Early life low intensity stress experience modifies acute stress effects on juvenile brain cell proliferation of European sea bass (D. Labrax)

•Juvenile sea bass brain is characterized by extensive active cell proliferation.•Early life adversity (UCLIS) did not change juvenile brain cell proliferation.•Acute stress reduced mitotic activity in teleost hippocampus, amygdala, cerebellum.•Acute stress increased plasma cortisol in all cases (non-UCLIS, UCLIS juveniles).•Early UCLIS modified acute stress plasticity of brain cell proliferation responses.

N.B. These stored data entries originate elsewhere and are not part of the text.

(* Let $\hat e_1,\hat e_2$ be orthonormal vectors, $R_1=-I+2\hat e_1\otimes\hat e_1$, $R_2=-I+2\hat e_2\otimes\hat e_2$, let $V_1\in\mathbb{R}^{3\times3}$ be symmetric positive definite with eigenvalues $\lambda_1,\lambda_2,\lambda_3$ and orthonormal eigenvectors $\hat v_1,\hat v_2,\hat v_3$, and set $V_2=R_1V_1R_1^T$, $V_3=R_2V_2R_2^T$, $V_4=R_2V_1R_2^T$, assumed pairwise distinct. Consider the four twinning equations $$Q_1V_2-V_1=a_1\otimes\hat n_1,\quad Q_2V_3-V_2=a_2\otimes\hat n_2,\quad Q_3V_4-V_3=a_3\otimes\hat n_3,\quad Q_4V_1-V_4=a_4\otimes\hat n_4,$$ where the pairs $(V_1,V_2),(V_2,V_3),(V_3,V_4),(V_4,V_1)$ are related by the $180^\circ$ rotations about $\hat e_1,\hat e_2,\hat e_1,\hat e_2$ respectively. (a) If $(Q_m,a_m,\hat n_m)$, $m=1,\dots,4$, are the Type-I solutions with respect to these axes and $Q_1Q_2Q_3Q_4=I$, then $\sum_{i=1}^3\lambda_i^{-2}(\hat v_i\cdot\hat e_1)(\hat v_i\cdot\hat e_2)=0$ (i.e. $\hat e_1\cdot V_1^{-2}\hat e_2=0$). (b) If instead they are the Type-II solutions with respect to these axes and $Q_1Q_2Q_3Q_4=I$, then $\sum_{i=1}^3\lambda_i^{2}(\hat v_i\cdot\hat e_1)(\hat v_i\cdot\hat e_2)=0$ (i.e. $\hat e_1\cdot V_1^{2}\hat e_2=0$). (c) Let $V_1=\begin{pmatrix}1&0&0\\0&a&b\\0&b&a\end{pmatrix}$ with $b>0$, positive definite, $\lambda_1=a-b<1<\lambda_3=a+b$, and let $\hat e_1=\frac1{\sqrt2}(1,-1,0)$, $\hat e_2=\frac1{\sqrt2}(1,1,0)$. If $\lambda_3=\lambda_1/\sqrt{2\lambda_1^2-1}$, then the identity in (a) holds; if $\lambda_3=\sqrt{2-\lambda_1^2}$, then the identity in (b) holds.
   Context: For a symmetric positive-definite $W$ and unit vector $\hat e$ with $W':=(-I+2\hat e\otimes\hat e)W(-I+2\hat e\otimes\hat e)\neq W$, the equation $QW'-W=a\otimes\hat n$ ($Q\in SO(3)$) has two solutions: the Type-I solution $\hat n=\hat e$, $a=2\big(\frac{W^{-1}\hat e}{|W^{-1}\hat e|^2}-W\hat e\big)$, $Q=\big(-I+2\frac{W^{-1}\hat e\otimes W^{-1}\hat e}{|W^{-1}\hat e|^2}\big)(-I+2\hat e\otimes\hat e)$; and the Type-II solution, with $a$ parallel to $W\hat e$ and $\hat n$ parallel to $\hat e-\frac{W^2\hat e}{|W\hat e|^2}$, $Q=\big(-I+2\frac{W\hat e\otimes W\hat e}{|W\hat e|^2}\big)(-I+2\hat e\otimes\hat e)$. ''With respect to the axes'' means: equation $m$ uses $W=V_m$ (indices mod 4) and $\hat e=\hat e_1$ for $m=1,3$, $\hat e=\hat e_2$ for $m=2,4$. *)

From mathcomp Require Import all_boot all_order all_algebra.
Set Implicit Arguments. Unset Strict Implicit. Unset Printing Implicit Defensive.
Import Order.TTheory GRing.Theory Num.Theory.
Local Open Scope ring_scope.

Section Defs.
Variable R : rcfType.

Definition dotv (u v : 'cV[R]_3) : R := (u^T *m v) 0 0.

Definition tens (a n : 'cV[R]_3) : 'M[R]_3 := a *m n^T.

Definition refl (e : 'cV[R]_3) : 'M[R]_3 := - 1%:M + 2%:R *: tens e e.

Definition reflu (u : 'cV[R]_3) : 'M[R]_3 :=
  - 1%:M + (2%:R / dotv u u) *: tens u u.

Definition conjR (e : 'cV[R]_3) (W : 'M[R]_3) : 'M[R]_3 :=
  refl e *m W *m refl e.

Definition sym_pd (W : 'M[R]_3) : Prop :=
  W^T = W /\ forall x : 'cV[R]_3, x != 0 -> 0 < dotv x (W *m x).

(* Type-I solution of  Q W' - W = a (x) n  *)
Definition isTypeI (W : 'M[R]_3) (e : 'cV[R]_3) (Q : 'M[R]_3) (a n : 'cV[R]_3) : Prop :=
  let u := invmx W *m e in
  [/\ Q = reflu u *m refl e,
      a = 2%:R *: ((dotv u u)^-1 *: u - W *m e)
    & n = e].

Definition isTypeII (W : 'M[R]_3) (e : 'cV[R]_3) (Q : 'M[R]_3) (a n : 'cV[R]_3) : Prop :=
  let w := W *m e in
  [/\ Q = reflu w *m refl e,
      exists al : R, a = al *: w,
      exists be : R, n = be *: (e - (dotv w w)^-1 *: (W *m w)),
      dotv n n = 1
    & Q *m conjR e W - W = tens a n].

Definition eigendata (V : 'M[R]_3) (lam : 'I_3 -> R) (v : 'I_3 -> 'cV[R]_3) : Prop :=
  (forall i j, dotv (v i) (v j) = (i == j)%:R) /\
  (forall i, V *m v i = lam i *: v i).

Definition Vc (a b : R) : 'M[R]_3 :=
  \matrix_(i < 3, j < 3)
    nth 0 (nth [::] [:: [:: 1; 0; 0]; [:: 0; a; b]; [:: 0; b; a]] i) j.

Definition e1c : 'cV[R]_3 :=
  \col_(i < 3) nth 0 [:: (Num.sqrt 2%:R)^-1; - (Num.sqrt 2%:R)^-1; 0] i.
Definition e2c : 'cV[R]_3 :=
  \col_(i < 3) nth 0 [:: (Num.sqrt 2%:R)^-1; (Num.sqrt 2%:R)^-1; 0] i.

End Defs.

From mathcomp Require Import all_boot all_order all_algebra ring lra.
Set Implicit Arguments. Unset Strict Implicit. Unset Printing Implicit Defensive.
Import Order.TTheory GRing.Theory Num.Theory.
Local Open Scope ring_scope.

(* Both kinds of twinning rotation have the form Q = H_(M e) R_e, where H_u is the
   reflection -I + 2 u(x)u/|u|^2 and M = V^-1 (Type I) or M = V (Type II).
   Conjugating V by R_e1 or R_e2 conjugates M, while each axis is fixed or negated
   by the other reflection, so once the commuting involutions R_e1, R_e2 cancel the
   cycle Q1 Q2 Q3 Q4 collapses to (H_(M e1) H_(M e2))^2.  This is I exactly when the
   two reflections commute, i.e. (M e1 and M e2 being independent) when
   M e1 . M e2 = e1 . M^2 e2 vanishes; expanding in the eigenbasis of V1 gives the
   stated sums. *)

Lemma mulmx_invol_commute (R : pzRingType) n (A B : 'M[R]_n) :
  A *m A = 1%:M -> B *m B = 1%:M -> A *m B *m (A *m B) = 1%:M ->
  A *m B = B *m A.
Proof.
move=> hA hB hAB.
by rewrite -[B *m A]mulmx1 -hAB !mulmxA -(mulmxA B A A) hA mulmx1 hB mul1mx.
Qed.

Lemma invmx_conj_invol (R : comUnitRingType) n (P V : 'M[R]_n) :
  P *m P = 1%:M -> invmx (P *m V *m P) = P *m invmx V *m P.
Proof.
move=> hP; have uP : P \in unitmx by apply: (@intro_unitmx _ _ P P).
have [uV | nuV] := boolP (V \in unitmx); last first.
  by rewrite !invmx_out ?inE ?unitmx_mul ?uP ?(negbTE nuV).
have inv_left : P *m invmx V *m P *m (P *m V *m P) = 1%:M.
  by rewrite -!mulmxA (mulmxA P P) hP mul1mx (mulmxA (invmx V)) mulVmx ?mul1mx.
have uPVP : P *m V *m P \in unitmx by rewrite !unitmx_mul uP uV.
by rewrite -[RHS]mulmx1 -(mulmxV uPVP) mulmxA inv_left mul1mx.
Qed.

Section Euclid.
Variable R : rcfType.
Implicit Types (a b c d n u w x y e f : 'cV[R]_3) (M P : 'M[R]_3).

Lemma dotvE u w : dotv u w = \sum_i u i 0 * w i 0.
Proof. by rewrite /dotv mxE; apply: eq_bigr => i _; rewrite mxE. Qed.

Lemma dotvC u w : dotv u w = dotv w u.
Proof. by rewrite !dotvE; apply: eq_bigr => i _; rewrite mulrC. Qed.

Lemma dotv_mulmxl M u w : dotv (M *m u) w = dotv u (M^T *m w).
Proof. by rewrite /dotv trmx_mul mulmxA. Qed.

Lemma dotvZl (k : R) u w : dotv (k *: u) w = k * dotv u w.
Proof. by rewrite /dotv linearZ /= -scalemxAl mxE. Qed.

Lemma dotvDl u u' w : dotv (u + u') w = dotv u w + dotv u' w.
Proof. by rewrite /dotv linearD /= mulmxDl mxE. Qed.

Lemma dotvNl u w : dotv (- u) w = - dotv u w.
Proof. by rewrite -scaleN1r dotvZl mulN1r. Qed.

Lemma dotvZr (k : R) u w : dotv u (k *: w) = k * dotv u w.
Proof. by rewrite dotvC dotvZl dotvC. Qed.

Lemma dotvDr u w w' : dotv u (w + w') = dotv u w + dotv u w'.
Proof. by rewrite dotvC dotvDl !(dotvC u). Qed.

Lemma dotvNr u w : dotv u (- w) = - dotv u w.
Proof. by rewrite dotvC dotvNl dotvC. Qed.

Lemma dotv0l w : dotv 0 w = 0.
Proof. by rewrite -(scale0r 0) dotvZl mul0r. Qed.

Lemma dotv_suml (F : 'I_3 -> 'cV[R]_3) w :
  dotv (\sum_i F i) w = \sum_i dotv (F i) w.
Proof. by rewrite !big_ord_recl !big_ord0 !addr0 !dotvDl. Qed.

Lemma dotvv_eq0 u : dotv u u = 0 -> u = 0.
Proof.
rewrite dotvE => /psumr_eq0P sq0; apply/matrixP => i j; rewrite ord1 mxE.
have /(_ i isT)/eqP := sq0 (fun k _ => sqr_ge0 (u k 0)).
by rewrite mulf_eq0 orbb => /eqP.
Qed.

Early life adversity may be critical for the brain structural plasticity that in turn would influence juvenile behaviour. To address this, we questioned whether early life environment has an impact on stress responses latter in life, using European sea bass, Dicentrarchus labrax, as a model organism. Unpredictable chronic low intensity stress (UCLIS), using a variety of moderate intensity stressors, was applied during two early ontogenetic stages, flexion or formation all fins. At juvenile stage, fish were exposed to acute stress and plasma cortisol, brain mRNA expression of corticosteroid receptors’ genes (gr1, gr2, mr) and brain cell proliferation (using BrdU immunohistochemistry) were determined in experimental and matched controls. UCLIS treatment specifically decreased brain gr1 expression in juveniles, but had no effect on the juvenile brain cell proliferation pattern within the major neurogenic zones studied of dorsal (Dm, Dld) and ventral (Vv) telencephalic, preoptic (NPO) areas, periventricular tectum gray zone (PGZ) and valvula cerebellum (VCe). In contrast, exposure to acute stress induced significant plasma cortisol rise, decreases of cerebral cell proliferation in juveniles, not previously exposed to UCLIS, but no effect detected on the expression levels of gr1, gr2 and mr in all groups of different early life history. Interestingly, juveniles with UCLIS history showed modified responses to acute stress, attenuating acute stress-induced cell proliferation decreases, indicating a long-lasting effect of early life treatment. Taken together, early life mild stress experience influences an acute stress plasticity end-point, cerebral cell proliferation, independently of the stress-axis activation, possibly leading to more effective coping styles.